Investors lost most market share in Charlotte and Phoenix
Investors lost market share in 14 of the 40 markets Redfin analyzed. Many of those markets are places where investor purchases dropped significantly. In Charlotte, investors bought one-quarter (25.2 percent) of homes purchased in the third quarter, down from about one-third (32.3 percent) a year earlier.
That 7.1-percentage-point drop was the largest decline among the metros in this analysis. Next came Phoenix (25.8 percent vs. 31.9 percent year-over-year; -6.1), Atlanta (27.6 vs. 33.1; -5.5), Portland, Ore. (10.7 vs. 14; -3.3) and Sacramento (16.4 vs. 19.2; -2.8).

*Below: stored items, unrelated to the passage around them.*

(* Let $A$ be a synaptic algebra, let $p,q\in P$ be arbitrary projections, and let $c:=(pqp+p^{\perp}q^{\perp}p^{\perp})^{1/2}$ and $s:=(pq^{\perp}p+p^{\perp}qp^{\perp})^{1/2}$. Let $k$ be the symmetry of the polar decomposition of $pqp^{\perp}+p^{\perp}qp\in A$, so that $pqp^{\perp}+p^{\perp}qp=csk=kcs$ (here $cs=|pqp^{\perp}+p^{\perp}qp|$). Then \[ q=c^{2}p+csk+s^{2}p^{\perp}, \] where $pqp=c^{2}p=pc^{2}$, $p^{\perp}qp^{\perp}=s^{2}p^{\perp}=p^{\perp}s^{2}$, $pqp^{\perp}+p^{\perp}qp=csk$, $k$ is a symmetry, $cCs$, $cCk$, $sCk$, and $k\in CC(pqp^{\perp}+p^{\perp}qp)$.
   Context: Synaptic algebra (Foulis): $R$ is a real linear associative algebra with unit $1$, and $A\subseteq R$ is a real linear subspace with $1\in A$. For $a,b\in A$ write $aCb$ iff $ab=ba$; $C(a):=\{b\in A: aCb\}$; $CC(a):=\{b\in A: bCd \text{ for all } d\in C(a)\}$. $A$ is a synaptic algebra with enveloping algebra $R$ iff: (SA1) $A$ is a partially ordered archimedean real linear space with positive cone $A^+=\{a\in A:0\le a\}$, $1$ is an order unit, and $\|\cdot\|$ is the corresponding order-unit norm; (SA2) $a\in A\Rightarrow a^2\in A^+$; (SA3) $a,b\in A^+\Rightarrow aba\in A^+$; (SA4) if $a\in A$, $b\in A^+$ and $aba=0$ then $ab=ba=0$; (SA5) if $a\in A^+$ there is $b\in A^+\cap CC(a)$ with $b^2=a$; (SA6) for $a\in A$ there is $p\in A$ with $p=p^2$ and, for all $b\in A$, $ab=0\Leftrightarrow pb=0$; (SA7) if $1\le a\in A$ there is $b\in A$ with $ab=ba=1$; (SA8) if $a,b\in A$, $a_1\le a_2\le\cdots$ are pairwise commuting elements of $C(b)$ and $\|a-a_n\|\to0$, then $a\in C(b)$. $A$ is assumed nondegenerate ($1\ne0$). Products are computed in $R$ (for $a,b,d\in A$ one has $aba\in A$, $ab+ba\in A$, and $ab\in A$ when $aCb$). $P:=\{p\in A:p=p^2\}$ is the set of projections, partially ordered by the restriction of $\le$; it is an orthomodular lattice with orthocomplement $p^{\perp}:=1-p$, meet $\wedge$, join $\vee$. For $0\le a$, $a^{1/2}$ is the unique $b\in A^+$ with $b^2=a$, and $|a|:=(a^2)^{1/2}$. The carrier $a^{\circ}$ of $a\in A$ is the unique projection such that for all $b\in A$, $ab=0\Leftrightarrow a^{\circ}b=0$. A symmetry is $u\in A$ with $u^2=1$. For $a\in A$, the signum of $a$ is the partial symmetry $t\in A$ with $t^2=a^{\circ}$, $t\in CC(a)$, $a=|a|t=t|a|$; the symmetry of the polar decomposition of $a$ is $u:=t+(a^{\circ})^{\perp}$, which satisfies $u^2=1$, $u\in CC(a)$, $a=|a|u=u|a|$, $|a|=ua=au$. *)

(* scalars are an abstract R : realType (the real numbers),
   the enveloping algebra is an algType over R (associative, unital,
   nontrivial: algType extends nzRingType, so 1 <> 0). *)
From HB Require Import structures.
From mathcomp Require Import all_boot all_order all_algebra.
From mathcomp Require Import reals.
Set Implicit Arguments. Unset Strict Implicit. Unset Printing Implicit Defensive.
Import Order.TTheory GRing.Theory Num.Theory.
Local Open Scope ring_scope.

Section SynapticDefs.
Variables (R : realType) (E : algType R).
(* A : the subspace of the enveloping algebra E; pos : the positive cone A^+ *)
Variables (A : E -> Prop) (pos : E -> Prop).

Definition sle (a b : E) : Prop := pos (b - a).

Definition scommute (a b : E) : Prop := a * b = b * a.

Definition Cset (a : E) : E -> Prop := fun b => A b /\ scommute a b.
Definition CCset (a : E) : E -> Prop :=
  fun b => A b /\ (forall d, Cset a d -> scommute b d).

(* ||a - a_n|| -> 0 for the order-unit norm ||x|| = inf{l >= 0 : -l.1 <= x <= l.1}:
   for every eps > 0, eventually -eps.1 <= a - a_n <= eps.1 *)
Definition norm_conv (an : nat -> E) (a : E) : Prop :=
  forall eps : R, 0 < eps -> exists N : nat, forall n, (N <= n)%N ->
    sle (- (eps *: 1)) (a - an n) /\ sle (a - an n) (eps *: 1).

Investors gained the most market share in Philadelphia, where they bought 17.2 percent of homes purchased, up from 13.4 percent a year earlier (+3.8 percent). Next came New York (14.9 percent vs. 12.2 percent; +2.7), Nassau County, N.Y. (12.4 vs. 9.8; +2.6), Anaheim, Calif. (21.4 vs. 18.8; +2.6) and Baltimore (14.7 vs. 12.4; +2.3).

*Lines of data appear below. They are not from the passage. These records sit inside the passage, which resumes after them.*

(* Let $\mathrm{K}$ be a semi-symmetric curvature tensor on a finite-dimensional pseudo-Euclidean vector space $(V,\langle\cdot,\cdot\rangle)$ and let $\chi$ be the minimal polynomial (over $\mathbb{R}$) of its Ricci operator $\mathrm{Ric}$. Then: (1) $\chi=\prod_i P_i$ where the $P_i$ are pairwise coprime and each $P_i$ is either irreducible or equal to $X^2$. Write $P_1,\dots,P_r$ for the factors not in $\{X,X^2\}$ (each irreducible and coprime to $X$). (2) $V$ splits as an orthogonal direct sum $V=E_0\oplus E_1\oplus\cdots\oplus E_r$, where $E_0=\ker(\mathrm{Ric}^2)$ and $E_i=\ker(P_i(\mathrm{Ric}))$ for $1\le i\le r$. (3) Each $E_i$ ($0\le i\le r$) is invariant under every $\mathrm{K}(u,v)$, $u,v\in V$. (4) For $i\neq j$, $\mathrm{K}(u,v)=0$ whenever $u\in E_i$, $v\in E_j$. (5) $\dim E_i\ge 2$ for every $1\le i\le r$. (6) $\mathfrak{h}(\mathrm{K})=\mathfrak{h}_0(\mathrm{K})+\mathfrak{h}_1(\mathrm{K})+\cdots+\mathfrak{h}_r(\mathrm{K})$, where $\mathfrak{h}_i(\mathrm{K})$ is the span of $\{\mathrm{K}(x,y): x,y\in E_i\}$, and each $\mathfrak{h}_i(\mathrm{K})$ is a Lie subalgebra.
   Context: A curvature tensor on a pseudo-Euclidean vector space $(V,\langle\cdot,\cdot\rangle)$ is a bilinear map $\mathrm{K}:V\times V\to \mathfrak{so}(V,\langle\cdot,\cdot\rangle)$ with $\mathrm{K}(u,v)=-\mathrm{K}(v,u)$, $\mathrm{K}(u,v)w+\mathrm{K}(v,w)u+\mathrm{K}(w,u)v=0$, and $\langle \mathrm{K}(a,b)u,v\rangle=\langle \mathrm{K}(u,v)a,b\rangle$. It is semi-symmetric if $[\mathrm{K}(u,v),\mathrm{K}(a,b)]=\mathrm{K}(\mathrm{K}(u,v)a,b)+\mathrm{K}(a,\mathrm{K}(u,v)b)$ for all $u,v,a,b\in V$. $\mathfrak{h}(\mathrm{K})$ denotes the linear span of $\{\mathrm{K}(u,v):u,v\in V\}$ in $\mathfrak{so}(V)$. The Ricci operator $\mathrm{Ric}$ is the symmetric endomorphism with $\langle\mathrm{Ric}(u),v\rangle=\operatorname{trace}(a\mapsto \mathrm{K}(u,a)v)$. *)

(* Endomorphisms of V are matrices acting on the RIGHT of row vectors:
   the endomorphism F sends w to w *m F.  Hence composition "F after G"
   is the matrix G *m F, and the commutator [F, G] = F o G - G o F is
   the matrix G *m F - F *m G. *)
From HB Require Import structures.
From mathcomp Require Import all_boot all_order all_algebra.
From mathcomp Require Import reals.
Set Implicit Arguments. Unset Strict Implicit. Unset Printing Implicit Defensive.
Import Order.TTheory GRing.Theory Num.Theory.
Local Open Scope ring_scope.

Section Defs.
Variables (R : realType) (n : nat).

Definition ip (G : 'M[R]_n) (u v : 'rV[R]_n) : R := (u *m G *m v^T) 0 0.

Definition pseudo_euclidean (G : 'M[R]_n) : Prop := G^T = G /\ G \in unitmx.

Definition curvature_tensor (G : 'M[R]_n) (K : 'rV[R]_n -> 'rV[R]_n -> 'M[R]_n) : Prop :=
  [/\ ((forall (a : R) u u' v, K (a *: u + u') v = a *: K u v + K u' v) /\
       (forall (a : R) u v v', K u (a *: v + v') = a *: K u v + K u v')),
      (forall u v w z, ip G (w *m K u v) z + ip G w (z *m K u v) = 0),
      (forall u v, K u v = - K v u),
      (forall u v w, w *m K u v + u *m K v w + v *m K w u = 0) &
      (forall a b u v, ip G (u *m K a b) v = ip G (a *m K u v) b)].

Definition semi_symmetric (K : 'rV[R]_n -> 'rV[R]_n -> 'M[R]_n) : Prop :=
  forall u v a b,
    K a b *m K u v - K u v *m K a b
    = K (a *m K u v) b + K a (b *m K u v).

(* trace of the linear map a |-> K(u,a) v  (sum of diagonal entries of its
   matrix in the standard basis) *)
Definition ricci_form (K : 'rV[R]_n -> 'rV[R]_n -> 'M[R]_n) (u v : 'rV[R]_n) : R :=
  \sum_(i < n) (v *m K u (delta_mx 0 i)) 0 i.

Definition is_ricci (G : 'M[R]_n) (K : 'rV[R]_n -> 'rV[R]_n -> 'M[R]_n) (Ric : 'M[R]_n) : Prop :=
  forall u v, ip G (u *m Ric) v = ricci_form K u v.

Definition in_span (S : 'M[R]_n -> Prop) (A : 'M[R]_n) : Prop :=
  exists (m : nat) (c : 'I_m -> R) (B : 'I_m -> 'M[R]_n),
    (forall k, S (B k)) /\ A = \sum_(k < m) c k *: B k.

Overall, investors had the highest market share in Jacksonville, Fla., where they bought 29.6 percent of homes purchased in the third quarter. It was followed by Miami (28.9 percent), Atlanta (27.6), Las Vegas (26.9) and Orlando, Fla. (26). They had the lowest market share in Montgomery County, Pa. (7.1), Providence, R.I. (7.3), Warren, Mich. (7.7), Washington, D.C. (8.6) and New Brunswick, N.J. (9.7).
While investor market share is highest in Jacksonville, investors bought 31.9 percent fewer properties than they did a year earlier. Many investors are looking to offload properties, according to local Redfin agent Heather Kruayai.
“Almost all of my listings right now are people looking to sell investment properties or second homes,” Kruayai said. “They want to get rid of them now while they still have some value because they’re scared there’s going to be another big crash.”
Investor purchases of single-family homes drop the most
Investor purchases of single-family homes fell 32.3 percent year-over-year in the third quarter, declining more than any other property type. Investor purchases of condos/co-ops decreased 27.5 percent, while purchases of townhouses and multi-family properties both slumped about 18 percent, according to Redfin.
Demand for single-family homes soared during the pandemic as scores of people left condos and apartments in cities for more room in the suburbs, but that demand has eased as the pandemic has subsided and many people have returned to the office and city life.
Still, single-family homes remained the most popular property type among investors in the third quarter, representing nearly three-quarters (72.8 percent) of investor purchases. Condos/co-ops came in second at 16.4 percent, followed by townhouses (6.2 percent) and multi-family properties (4.6 percent).
Investor purchases of mid-priced homes fell 37.1 percent year-over-year in the third quarter, while investor purchases of high-priced homes fell 35.7 percent. By comparison, investor purchases of low-priced homes fell 20 percent.
Demand for high-end goods tends to slow during times of financial stress. Rising interest rates, inflation, a tepid stock market and economic uncertainty have made it less feasible for many people to purchase luxury products, including homes, Redfin assessed.
Low-priced homes made up 43.2 percent of investor home purchases in the third quarter, while mid-priced homes made up 29.7 percent and high-priced homes represented 27.1 percent.
As a result, investors had the highest market share in the low-priced market; buying 23.6 percent of low-priced homes that sold in the third quarter, compared with 15.3 percent of mid-priced homes and 13.9 percent of high–priced homes.